Image for article titled The markets have had quite enough of David Cameron, George Osborne and British austerity

“Wait! Wait!” say the bond market sophisticates, “Bond yields can rise for many reasons. They can be rising because the outlook on the British economy is getting better, which is driving people to shift their money from the safety of bonds—which keeps bond yields low—to the riskiness of stocks. Or it could be that bond yields were driven to ridiculous lows earlier this year, as people tried to get their cash out of euros and into something safer, like British pounds.”

It is true. Bond yields can rise for a lot of different reasons. But it would be hard to argue that that prospects for the British economy are especially stellar at the moment, given that Brits are floundering in what may be a triple-dip recession. That’s why you also need to look at the currency to triangulate what’s going on. Here’s what’s going on. The pound is getting pounded.

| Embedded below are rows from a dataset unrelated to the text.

Lemma sat_gap_spine o j f : sat_s (gap_tree o) (repeat false j) f <-> spine_word o j f.
Proof. rewrite <- (app_nil_r (repeat false j)). apply sat_gap_spine_app. Qed.

Lemma first_transition (Q : nat -> Prop) :
  ~ Q 0 -> forall n, Q n -> exists b, ~ Q b /\ Q (S b).
Proof.
  intros H0 n. induction n as [|n IH]; intros Hn; [contradiction|].
  destruct (classic (Q n)); [now apply IH | now exists n].
Qed.

Lemma path_on_spine {AP} (T : ktree bool AP) pi :
  is_path T [] pi -> forall j, ~ In true (pi j) -> pi j = repeat false j.
Proof.
  intros Hpi j Hj. rewrite <- (path_length T pi Hpi j) at 2. apply Forall_eq_repeat.
  apply Forall_forall. intros [|] Hx; [contradiction | reflexivity].
Qed.

Lemma gap_path_cases o pi : is_path (gap_tree o) [] pi ->
  traces (gap_tree o) pi (spine_word o) \/
  exists b, descendn b o <> Some 0 /\ traces (gap_tree o) pi (branch_word o b).
Proof.
  intros Hpi. pose proof (path_on_spine _ pi Hpi) as Hspine.
  destruct (classic (exists j, In true (pi j))) as [[j Hj] | Hnone].
  - right.
    assert (H0 : ~ In true (pi 0)) by (destruct Hpi as [-> _]; simpl; auto).
    destruct (first_transition (fun j => In true (pi j)) H0 j Hj) as [b [Hb HSb]].
    destruct (proj2 Hpi b) as [Hn [d Hd]].
    rewrite Hd, (Hspine b Hb) in HSb, Hn.
    apply in_true_spine in HSb. destruct HSb as [Htrue | []]. subst d.
    apply gap_node_spine in Hn. destruct Hn as [Hgap _].
    exists b. split; [exact Hgap|]. intros k f. unfold branch_word.
    destruct (Nat.leb_spec k b) as [Hkb|Hbk].
    + rewrite Hspine; [apply sat_gap_spine|]. intros Hk. apply Hb.
      destruct (path_extends _ _ _ Hpi k b Hkb) as [s ->]. apply in_or_app. now left.
    + destruct (path_extends _ _ _ Hpi (S b) k Hbk) as [s Hs].
      rewrite Hd, (Hspine b Hb), <- app_assoc in Hs. simpl in Hs.
      pose proof (path_node _ _ Hpi k) as Hnode.
      rewrite Hs in Hnode |- *. simpl in Hnode.
      apply gap_node_spine in Hnode. destruct Hnode as [_ Hchain].
      rewrite sat_gap_spine_app. now apply sat_gap_branch.
  - left. intros j f. rewrite Hspine; [apply sat_gap_spine|].
    intros Hj. apply Hnone. now exists j.
Qed.

Lemma gap_spine_is_path o : is_path (gap_tree o) [] (fun j => repeat false j).
Proof.
  split; [reflexivity|]. intros k. split; [|exists false; apply repeat_cons].
  rewrite <- (app_nil_r (repeat false (S k))). now apply gap_node_spine.
Qed.

Lemma gap_branch_path o b : descendn b o <> Some 0 ->
  exists pi, is_path (gap_tree o) [] pi /\ traces (gap_tree o) pi (branch_word o b).
Proof.
  intros Hb.
  assert (Hchain : forall n, Forall (eq true) (repeat true n)).
  { intros n. apply Forall_forall. intros x Hx. symmetry. now apply repeat_spec in Hx. }
  set (pi j := if j <=? b then repeat false j
               else repeat false b ++ true :: repeat true (j - S b)).
  assert (Hnode : forall j, gap_node o (pi j)).
  { intros j. unfold pi. destruct (j <=? b).
    - rewrite <- (app_nil_r (repeat false j)). now apply gap_node_spine.
    - apply gap_node_spine. simpl. auto. }
  exists pi. split; [split|].
  - reflexivity.
  - intros k. split; [apply Hnode|]. unfold pi.
    destruct (Nat.leb_spec (S k) b), (Nat.leb_spec k b); try lia.
    + exists false. apply repeat_cons.
    + exists true. now replace k with b by lia; rewrite Nat.sub_diag.
    + exists true. replace (S k - S b) with (S (k - S b)) by lia.
      rewrite <- app_assoc. simpl. now rewrite repeat_cons.
  - intros j f. unfold pi, branch_word. destruct (j <=? b).
    + apply sat_gap_spine.
    + rewrite sat_gap_spine_app. now apply sat_gap_branch.
Qed.

Lemma gap_sat_E o p : gap_sat o (SE p) <->
  word_sat (spine_word o) 0 p \/
  exists b, descendn b o <> Some 0 /\ word_sat (branch_word o b) 0 p.
Proof.
  unfold gap_sat at 1. simpl. split.
  - intros [pi [Hpi Hp]]. destruct (gap_path_cases o pi Hpi) as [Hw | [b [Hb Hw]]].
    + left. now apply (sat_p_traces (gap_tree o) pi).
    + right. exists b. split; [exact Hb|]. now apply (sat_p_traces (gap_tree o) pi).
  - intros [Hp | [b [Hb Hp]]].
    + exists (fun j => repeat false j). split; [apply gap_spine_is_path|].
      apply (sat_p_traces (gap_tree o) _ (spine_word o)); [|exact Hp].
      intros j f. apply sat_gap_spine.
    + destruct (gap_branch_path o b Hb) as [pi [Hpi Hw]].
      exists pi. split; [exact Hpi|]. now apply (sat_p_traces (gap_tree o) pi _ _ Hw).
Qed.

Lemma gap_sat_child o d g :
  node (gap_tree o) [d] /\ sat_s (gap_tree o) [d] g <->
  (if d then o <> Some 0 /\ sat_s p_chain [] g else gap_sat (descend o) g).
Proof.
  destruct d; simpl.
  - split; intros [Ho Hg].
    + split; [apply Ho|]. now rewrite <- (sat_gap_branch o [] g (proj1 Ho)).
    + split; [auto|]. now apply sat_gap_branch.
  - rewrite (sat_gap_spine o 1). tauto.
Qed.

Definition gap_stable (f : sform unit) : Prop :=
  exists N, forall a b, N <= a -> N <= b -> (gap_sat (Some a) f <-> gap_sat (Some b) f).

Lemma iff_const_from_step (P : nat -> Prop) N :
  (forall m, N <= m -> (P m <-> P (S m))) -> forall a, N <= a -> (P a <-> P N).
Proof.
  intros Hstep a Ha. induction Ha as [|a Ha IH]; [reflexivity|].
  rewrite <- IH. symmetry. now apply Hstep.
Qed.

Lemma gap_stable_list (l : list (sform unit)) : (forall f, In f l -> gap_stable f) ->
  exists N, forall f, In f l -> forall a b, N <= a -> N <= b ->
    (gap_sat (Some a) f <-> gap_sat (Some b) f).
Proof.
  induction l as [|f l IH]; intros Hl; [now exists 0|].
  destruct (Hl f (or_introl eq_refl)) as [N1 H1].
  destruct IH as [N2 H2]; [intros g Hg; apply Hl; now right|].
  exists (max N1 N2). intros g [<- | Hg] a b Ha Hb.
  - apply H1; lia.
  - apply H2; auto; lia.
Qed.

Section StableE.
Variables (p : pform unit) (N m : nat).
Hypothesis atoms_const : forall f, In f (patoms p) -> forall a b, N <= a -> N <= b ->
  (gap_sat (Some a) f <-> gap_sat (Some b) f).
Hypothesis m_large : N + xdepth p < m.

Lemma spine_word_step :
  word_sat (spine_word (Some m)) 0 p <-> word_sat (spine_word (Some (S m))) 0 p.
Proof.
  rewrite word_sat_stutter.
  - apply word_sat_congr. intros [|n] f Hf; [apply atoms_const; auto; lia | reflexivity].
  - intros j Hj f Hf. unfold spine_word. simpl.
    rewrite descendn_Some_le by lia. apply atoms_const; auto; lia.
Qed.

Lemma branch_word_step_short b : b <= xdepth p ->
  word_sat (branch_word (Some m) b) 0 p <-> word_sat (branch_word (Some (S m)) b) 0 p.
Proof.
  intros Hb. apply word_sat_congr. intros n f Hf. simpl. unfold branch_word, spine_word.
  destruct (Nat.leb_spec n b); [|reflexivity].
  rewrite !descendn_Some_le by lia. apply atoms_const; auto; lia.
Qed.

Lemma branch_word_step_long b : xdepth p <= b ->
  word_sat (branch_word (Some m) b) 0 p <-> word_sat (branch_word (Some (S m)) (S b)) 0 p.
Proof.
  intros Hb. rewrite word_sat_stutter.
  - apply word_sat_congr. intros [|n] f Hf; [apply atoms_const; auto; lia | reflexivity].
  - intros j Hj f Hf. unfold branch_word, spine_word.
    destruct (Nat.leb_spec j b); [|lia]. simpl.
    rewrite descendn_Some_le by lia. apply atoms_const; auto; lia.
Qed.

Lemma gap_sat_E_step : gap_sat (Some m) (SE p) <-> gap_sat (Some (S m)) (SE p).
Proof.
  rewrite !gap_sat_E. split; intros [Hs | [b [Hb Hw]]]; try rewrite descendn_Some_eq_0 in Hb.
  - left. now apply spine_word_step.
  - right. destruct (Nat.le_gt_cases b (xdepth p)).
    + exists b. rewrite descendn_Some_eq_0. split; [lia|]. now apply branch_word_step_short.
    + exists (S b). split; [now rewrite descendn_Some_eq_0; injection|].
      apply branch_word_step_long; [lia | exact Hw].
  - left. now apply spine_word_step.
  - right. destruct (Nat.le_gt_cases b (xdepth p)).
    + exists b. rewrite descendn_Some_eq_0. split; [lia|]. now apply branch_word_step_short.
    + destruct b as [|b]; [lia|]. exists b.
      split; [now rewrite descendn_Some_eq_0; intros ->|].
      apply branch_word_step_long; [lia | exact Hw].
Qed.

End StableE.

Lemma gap_stable_E p : (forall f, In f (patoms p) -> gap_stable f) -> gap_stable (SE p).
Proof.
  intros Hatoms. destruct (gap_stable_list _ Hatoms) as [N HN].
  exists (S (N + xdepth p)). intros a b Ha Hb.
  pose proof (iff_const_from_step (fun m => gap_sat (Some m) (SE p)) (S (N + xdepth p))
    (fun m Hm => gap_sat_E_step p N m HN ltac:(lia))) as Hconst.
  now rewrite (Hconst a Ha), (Hconst b Hb).
Qed.

Lemma gap_stable_D k g : gap_stable g -> gap_stable (SD k g).
Proof.
  intros [N HN]. exists (S N). intros [|a] [|b] Ha Hb; try lia.
  assert (Hchild : forall d,
    node (gap_tree (Some (S a))) [d] /\ sat_s (gap_tree (Some (S a))) [d] g <->
    node (gap_tree (Some (S b))) [d] /\ sat_s (gap_tree (Some (S b))) [d] g).
  { intros d. rewrite !gap_sat_child. destruct d.
    - split; intros [_ Hg]; split; [discriminate | exact Hg | discriminate | exact Hg].
    - apply HN; lia. }
  unfold gap_sat. simpl.
  split; intros [ds [Hnd [Hk Hall]]]; exists ds; do 2 (split; [assumption|]);
    intros d Hd; apply Hchild, Hall, Hd.
Qed.

Lemma sform_gap_stable (f : sform unit) : gap_stable f.
Proof.
  revert f.
  apply (form_mut unit gap_stable (fun p => forall f, In f (patoms p) -> gap_stable f)).
  - exists 0. reflexivity.
  - exists 0. reflexivity.
  - intros g [N HN]. exists N. intros a b Ha Hb. unfold gap_sat in *. simpl.
    now rewrite (HN a b Ha Hb).
  - intros g [N1 H1] h [N2 H2]. exists (max N1 N2). intros a b Ha Hb.
    unfold gap_sat in *. simpl. rewrite (H1 a b), (H2 a b); [reflexivity | lia ..].
  - exact gap_stable_E.
  - exact gap_stable_D.
  - intros f Hf f' [<- | []]. exact Hf.
  - auto.
  - intros q Hq r Hr f Hf. apply in_app_iff in Hf as [Hf|Hf]; auto.
  - auto.
  - intros q Hq r Hr f Hf. apply in_app_iff in Hf as [Hf|Hf]; auto.
Qed.

Lemma gap_tree_even_not_L2 n : ~ L2 (gap_tree (Some (2 * n))).
Proof.
  intros [pi [Hpi [Hnot_p Hchild]]].
  destruct (Hchild n) as [d [Hn Hd]].
  rewrite (path_on_spine _ pi Hpi _ (Hnot_p _)) in Hn, Hd.
  apply in_true_spine in Hd. destruct Hd as [Htrue | []]. subst d.
  apply gap_node_spine in Hn. destruct Hn as [Hgap _].
  apply Hgap, descendn_Some_eq_0. reflexivity.
Qed.

Lemma gap_tree_odd_L2 n : L2 (gap_tree (Some (S (2 * n)))).
Proof.
  exists (fun j => repeat false j). split; [apply gap_spine_is_path|]. split.
  - intros j Hj. apply repeat_spec in Hj. discriminate.
  - intros i. exists true. split.
    + apply gap_node_spine. split; [|constructor].
      rewrite descendn_Some_eq_0. lia.
    + apply in_true_spine. now left.
Qed.

Theorem corollary24 :
  ~ exists phi : sform unit, wf_s phi /\
      forall (D : Type) (T : ktree D unit), in_lang phi T <-> L2 T.
Proof.
  intros [phi [_ Hphi]].
  destruct (sform_gap_stable phi) as [N HN].
  apply (gap_tree_even_not_L2 N), Hphi.
  apply (HN (2 * N) (S (2 * N))); [lia | lia |].
  apply Hphi, gap_tree_odd_L2.
Qed.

Image for article titled The markets have had quite enough of David Cameron, George Osborne and British austerity

Now, you could argue that some of the weakness in the pound is merely relief that the European debt crisis has appeared to ease a bit in recent months. Maybe. But it’s worth noting that Europe has been stabilizing for months—since Draghi’s “whatever it takes” speech last summer—and the pound has only started crumbling since the end of last year, not long after George Osborne—Britain’s finance minister—was forced to admit that the government wouldn’t hit its own goals to cut deficits because of weakness in the economy.

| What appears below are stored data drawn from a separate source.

(* Let $\mathfrak{A}_q$ be a quantum cluster algebra with quantum seed $(\mathbf{x},B,\Lambda)$, $\mathbf{x}=(x_1,\ldots,x_n)$, assume that all prime ideals of $\mathfrak{A}_q$ are completely prime, and assume that the cluster $\mathbf{x}$ is super-toric. Let $\mathcal{I}$ be a torus invariant non-zero proper prime ideal of $\mathfrak{A}_q$ such that $\mathcal{I}\cap\mathbf{x}=\{x_{k+1},\ldots,x_n\}$. Then $\mathcal{I}\cap\mathbb{C}_\Lambda[x_1,\ldots,x_n]$ is generated by $\{x_{k+1},\ldots,x_n\}$.
   Context: A compatible pair $(B,\Lambda)$ consists of an $m\times n$ integer matrix $B$ ($m\le n$) with skew-symmetrizable principal $m\times m$ part and a skew-symmetric $n\times n$ integer matrix $\Lambda=(\lambda_{ij})$ such that $B\Lambda$ has entries $d_i\delta_{ij}$ with $d_i$ positive integers. In the quantum cluster algebra, the seed variables generate the quantum affine space $\mathbb{C}_\Lambda[x_1,\ldots,x_n]$ with relations $x_ix_j=q^{\lambda_{ij}}x_jx_i$, and $\mathfrak{A}_q\subset\mathbb{C}_\Lambda[x_1^{\pm1},\ldots,x_n^{\pm1}]$. Torus action: with $T=\ker(B)\subset\mathbb{Z}^n$, each $\mathbf{b}\in T$ and $\alpha\in\mathbb{C}^*$ give the global toric action $x_i\mapsto\alpha^{b_i}x_i$, acting on $\mathfrak{A}_q$ by automorphisms; torus invariant means stable under all of these. Super-toric: for $1\le k\le n$ let $T_{[1,k]}\subset\mathbb{Z}^k$ be the projection of $T$ onto the first $k$ coordinates and $\Lambda_{[1,k]}$ the principal $k\times k$ submatrix of $\Lambda$; the cluster is super-toric if $\mathrm{rk}(T_{[1,k]}+\mathrm{Im}(\Lambda_{[1,k]}))=k$ for all $k=1,\ldots,n$. Completely prime: $ab\in\mathcal{I}\Rightarrow a\in\mathcal{I}$ or $b\in\mathcal{I}$. *)

From HB Require Import structures.
From mathcomp Require Import all_boot all_order all_algebra.
From mathcomp Require Import Rstruct complex.
From mathcomp Require Import boolp classical_sets cardinality fsbigop.
From Stdlib Require Reals.

Set Implicit Arguments.
Unset Strict Implicit.
Unset Printing Implicit Defensive.
Import Order.TTheory GRing.Theory Num.Theory.
Local Open Scope classical_set_scope.
Local Open Scope ring_scope.

Definition CC : numClosedFieldType := (Rdefinitions.R)[i].

(** Exponent vectors in Z^N and (possibly infinite) coefficient functions.
    An element of the quantum torus is a finitely supported function
    Z^N -> C, c |-> coefficient of X^c. *)
Definition expo (N : nat) := 'rV[int]_N.
Definition qfun (N : nat) := expo N -> CC.

Definition fin_supp N (f : qfun N) : Prop := finite_set [set c | f c != 0].

Definition lam N (L : 'M[int]_N) (a b : expo N) : int := (a *m L *m b^T) 0 0.

Definition qadd N (f g : qfun N) : qfun N := fun c => f c + g c.
Definition qscale N (z : CC) (f : qfun N) : qfun N := fun c => z * f c.
Definition qzero N : qfun N := fun _ => 0.
Arguments qzero : clear implicits.
Definition qmono N (a : expo N) : qfun N := fun c => if c == a then 1 else 0.
Definition qone N : qfun N := qmono 0.
Arguments qone : clear implicits.
Definition qconst N (z : CC) : qfun N := qscale z (qone N).
Arguments qconst : clear implicits.

(** Multiplication of the based quantum torus C_Lambda[X^{+-1}]:
    X^a X^b = (q^{1/2})^{Lambda(a,b)} X^{a+b}, where qh = q^{1/2}.
    In particular x_i x_j = q^{lambda_ij} x_j x_i for x_i = X^{e_i}. *)
Definition qmul N (qh : CC) (L : 'M[int]_N) (f g : qfun N) : qfun N :=
  fun c => \sum_(a \in [set: expo N]) (f a * g (c - a) * qh ^ (lam L a (c - a))).

Definition qpow N qh (L : 'M[int]_N) (f : qfun N) (k : nat) : qfun N :=
  iter k (qmul qh L f) (qone N).

Definition evec N (i : 'I_N) : expo N := \row_j (i == j)%:Z.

Ok, so let’s say investors are pulling cash out of the UK. Is this the end? We’ve all become crisis addicts over the last few years, but no, Britain is going to be fine. It’s not going to default. You see the thing about having a floating currency that you control—sorry, euro zone members—is that its weakness will actually help the economy because it makes British exports cheaper for foreign buyers. That’s a good thing.

But given that the British economy has become a proxy war in the political battle between “austerians” and neo-Keynesians, any signs that the markets—traditionally viewed as allies of the UK Premier David Cameron’s Conservative Party—are deserting the cause would be yet another painful blow for Cameron’s government. That’s far more important than any downgrade.

No, Britain isn’t going down. We’re not so sure about Cameron.